(* Near z, where nodal Y > 0 > nodal Y', the error formula gives
   L_Y(w) <= F w <= L_Y'(w) at every admissible w; by continuity L_Y(z) <= L_Y'(z). *)
Lemma lagrange_poly_le_nodal_sign a b E F z k Y Y' : a < z < b ->
  dd_nonneg k.+1 (punctured a b E) F ->
  size Y = k -> size Y' = k -> uniq Y -> uniq Y' ->
  all (punctured a b E) Y -> all (punctured a b E) Y' ->
  0 < (nodal Y).[z] -> (nodal Y').[z] < 0 ->
  (lagrange_poly F Y).[z] <= (lagrange_poly F Y').[z].
Proof.
move=> /andP[az zb] HF kY kY' uY uY' DY DY' pY pY'.
rewrite leNgt; apply/negP => LY'Y.
have [d1 d10 H1] := poly_gt0_near pY.
have [d2 d20 H2] : exists2 d, 0 < d & forall w, `|w - z| < d -> 0 < (- nodal Y').[w].
  by apply: poly_gt0_near; rewrite hornerN oppr_gt0.
have [d3 d30 H3] : exists2 d, 0 < d &
    forall w, `|w - z| < d -> 0 < (lagrange_poly F Y - lagrange_poly F Y').[w].
  by apply: poly_gt0_near; rewrite hornerD hornerN subr_gt0.
pose d := Order.min d1 (Order.min d2 (Order.min d3 (b - z))).
have d0 : 0 < d by rewrite !lt_min d10 d20 d30 subr_gt0 zb.
have [w /andP[/andP[zw wd] wE]] : exists w, punctured z (z + d) E w.
  by apply: exists_punctured; rewrite ltrDl.
have wz : `|w - z| < d by rewrite gtr0_norm; lra.
have /H1 q1 : `|w - z| < d1 by apply: lt_le_trans wz _; rewrite !ge_min lexx.
have /H2 q2 : `|w - z| < d2 by apply: lt_le_trans wz _; rewrite !ge_min lexx orbT.
have /H3 q3 : `|w - z| < d3 by apply: lt_le_trans wz _; rewrite !ge_min lexx !orbT.
have wb : w < b by apply: lt_le_trans wd _; rewrite -lerBrDl !ge_min lexx !orbT.
rewrite hornerN oppr_gt0 in q2; rewrite hornerD hornerN subr_gt0 in q3.
have Dw : punctured a b E w by rewrite /punctured /= wE wb andbT (lt_trans az zw).
have wY : w \notin Y by rewrite -root_nodal rootE gt_eqF.
have wY' : w \notin Y' by rewrite -root_nodal rootE lt_eqF.
have dd_ge0 s : size s = k -> uniq s -> all (punctured a b E) s -> w \notin s ->
    0 <= divdiff F (rcons s w).
  by move=> ks us Ds ws; apply: HF; rewrite ?size_rcons ?ks ?rcons_uniq ?ws ?all_rcons ?Dw.
have := mulr_ge0 (dd_ge0 _ kY uY DY wY) (ltW q1).
have := mulr_ge0_le0 (dd_ge0 _ kY' uY' DY' wY') (ltW q2).
rewrite !lagrange_poly_error //; lra.
Qed.

End RealClosed.

Section Real.
Variable R : realType.
Local Open Scope classical_set_scope.
Implicit Types (f F : R -> R) (E Y Z : seq R) (a b z : R).

(* The quotient is the divided difference [Y, z] of F redefined by F z := c. The
   supremum of the L_Y(z) with nodal Y z > 0 is a suitable c, since every L_Y'(z)
   with nodal Y' z < 0 bounds them from above. *)
Lemma dd_nonneg_extension a b E F z k : (0 < k)%N -> a < z < b -> z \in E ->
  dd_nonneg k.+1 (punctured a b E) F ->
  exists c, forall Y, size Y = k -> uniq Y -> all (punctured a b E) Y ->
    0 <= (c - (lagrange_poly F Y).[z]) / (nodal Y).[z].
Proof.
move=> k0 azb zE HF; have /andP[az zb] := azb.
pose S : set R := fun v => exists Y, [/\ size Y = k, uniq Y, all (punctured a b E) Y,
  0 < (nodal Y).[z] & v = (lagrange_poly F Y).[z]].
have [Y1 [kY1 uY1 DY1 pY1]] := exists_nodal_gt0 E k az (ltW zb).
have S0 : S !=set0 by exists (lagrange_poly F Y1).[z], Y1.
have [Y2 [kY2 uY2 DY2 nY2]] := exists_nodal_lt0 E k0 azb.
have le_lagrange := lagrange_poly_le_nodal_sign azb HF.
have ubS : ubound S (lagrange_poly F Y2).[z].
  by move=> _ [Y [kY uY DY pY ->]]; apply: le_lagrange.
exists (sup S) => Y kY uY DY.
have : (nodal Y).[z] != 0.
  by rewrite -rootE root_nodal; apply: contraTN zE => /(allP DY) /andP[].
rewrite neq_lt => /orP[nY | pY].
  apply: mulr_le0; last by rewrite invr_le0 ltW.
  rewrite subr_le0; apply: ge_sup => // _ [Y' [kY' uY' DY' pY' ->]].
  exact: le_lagrange.
apply: divr_ge0; last exact: ltW.
rewrite subr_ge0; apply: sup_upper_bound; last by exists Y.
by split => //; exists (lagrange_poly F Y2).[z].
Qed.

(* Induction on Z: extend F at the first node z by the value c above, and recurse on
   the divided difference (F x - c) / (x - z), whose nonnegativity is one order lower. *)
Lemma exists_poly_nodal_sign a b E Z F : {subset Z <= E} -> all (fun z => a < z < b) Z ->
  dd_nonneg (size Z).+1 (punctured a b E) F ->
  exists2 r : {poly R}, (size r <= size Z)%N &
    forall x, punctured a b E x -> 0 <= (F x - r.[x]) * (nodal Z).[x].
Proof.
elim: Z F => [|z Z IH] F ZE /= Zab HF.
  exists 0 => [|x Dx]; first by rewrite size_poly0.
  rewrite horner0 subr0 /nodal big_nil hornerC mulr1.
  by have := HF [:: x] erefl erefl; rewrite /= Dx => /(_ erefl).
have zE : z \in E by apply: ZE; rewrite mem_head.
have /andP[zab {}Zab] := Zab.
have [c Hc] := dd_nonneg_extension (ltn0Sn _) zab zE HF.
have Dz : ~~ punctured a b E z by rewrite /punctured /= zE andbF.
have ZE' : {subset Z <= E} by move=> y yZ; apply: ZE; rewrite inE yZ orbT.
have [r rZ Hr] := IH _ ZE' Zab (dd_nonneg_slope (ltn0Sn _) Dz Hc).
exists (c%:P + ('X - z%:P) * r) => [|x Dx].
  rewrite (leq_trans (size_polyD _ _)) // geq_max (leq_trans (size_polyC_leq1 _)) //=.
  by rewrite (leq_trans (size_polyMleq _ _)) // size_XsubC.
have xz : x - z != 0 by rewrite subr_eq0; apply: contraNneq Dz => <-.
move: (Hr x Dx); rewrite nodal_cons hornerD hornerC !hornerM !hornerXsubC.
set P := (nodal Z).[x]; set q := r.[x] => Hx.
have -> : (F x - (c + (x - z) * q)) * ((x - z) * P)
    = (x - z) ^+ 2 * (((F x - c) / (x - z) - q) * P) by field.
by rewrite mulr_ge0 ?sqr_ge0.
Qed.

Theorem mconvex_le_interp a b Z f : a < b -> uniq Z -> all (fun z => a < z < b) Z ->
  mconvex_on (2 * size Z).+1 a b f ->
  exists p : {poly R}, [/\ (size p <= (2 * size Z).+2)%N,
    {in [:: a, b & Z], forall y, p.[y] = f y} &
    forall y, a <= y <= b -> f y <= p.[y]].
Proof.
move=> ab uZ Zab Hf; set N := [:: a, b & Z].
have Zab' y : y \in Z -> a < y < b by move/(allP Zab).
have uN : uniq N.
  rewrite /N /= uZ inE lt_eqF //= andbT.
  by apply/andP; split; apply/negP => /Zab' /andP[]; rewrite ltxx.
have HF : dd_nonneg (size Z).+1 [pred y | (a <= y <= b) && (y \notin N)]
    (fun y => divdiff f (rcons N y)).
  apply: dd_nonneg_divdiff_rcons => //.
    by rewrite /= !lexx ltW //=; apply/allP => y /Zab' /andP[ay yb]; rewrite !ltW.
  by have -> : (size N + (size Z).+1 = (2 * size Z).+1 + 2)%N by rewrite /=; lia.
have [r rZ Hr] : exists2 r : {poly R}, (size r <= size Z)%N & forall x,
    punctured a b Z x -> 0 <= (divdiff f (rcons N x) - r.[x]) * (nodal Z).[x].
  apply: exists_poly_nodal_sign => //; apply: sub_dd_nonneg HF.
  move=> x /andP[/andP[ax xb] xZ] /=; rewrite !ltW //= /N !inE !negb_or xZ.
  by rewrite !neq_lt ax xb orbT.
exists (lagrange_poly f N + nodal N * r).
have interp : {in N, forall y, (lagrange_poly f N + nodal N * r).[y] = f y}.
  move=> y yN; have /rootP Ny0 : root (nodal N) y by rewrite root_nodal.
  by rewrite hornerD hornerM Ny0 mul0r addr0 lagrange_poly_node.
split => // [|y /andP[ay yb]].
  rewrite (leq_trans (size_polyD _ _)) // geq_max (leq_trans (size_lagrange_poly _ _)) /=.
    by rewrite (leq_trans (size_polyMleq _ _)) // size_nodal /= !addSn !ltnS mul2n -addnn leq_add2l.
  by rewrite /=; lia.
have [yN | yN] := boolP (y \in N); first by rewrite interp.
have Dy : punctured a b Z y.
  move: yN; rewrite /N !inE !negb_or => /and3P[ya yb' yZ].
  by rewrite /punctured /= yZ !lt_neqAle ay yb eq_sym ya yb'.
have err := lagrange_poly_error f uN yN.
have nodalN : (nodal N).[y] = (y - a) * (y - b) * (nodal Z).[y].
  by rewrite /N !nodal_cons !hornerM !hornerXsubC mulrA.
rewrite hornerD hornerM -subr_ge0.
have -> : (lagrange_poly f N).[y] + (nodal N).[y] * r.[y] - f y
    = (y - a) * (b - y) * ((divdiff f (rcons N y) - r.[y]) * (nodal Z).[y]).
  by rewrite -[f y](subrK (lagrange_poly f N).[y]) -err nodalN; ring.
by rewrite mulr_ge0 ?Hr // mulr_ge0 // subr_ge0.
Qed.

End Real.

··········

Work request –
Everything above from the line containing "pose S : set" through the line containing "have S0 : S" must be copied exactly. Nothing outside that range belongs in the answer.

Response to this task –
pose S : set R := fun v => exists Y, [/\ size Y = k, uniq Y, all (punctured a b E) Y,
  0 < (nodal Y).[z] & v = (lagrange_poly F Y).[z]].
have [Y1 [kY1 uY1 DY1 pY1]] := exists_nodal_gt0 E k az (ltW zb).
have S0 : S !=set0 by exists (lagrange_poly F Y1).[z], Y1.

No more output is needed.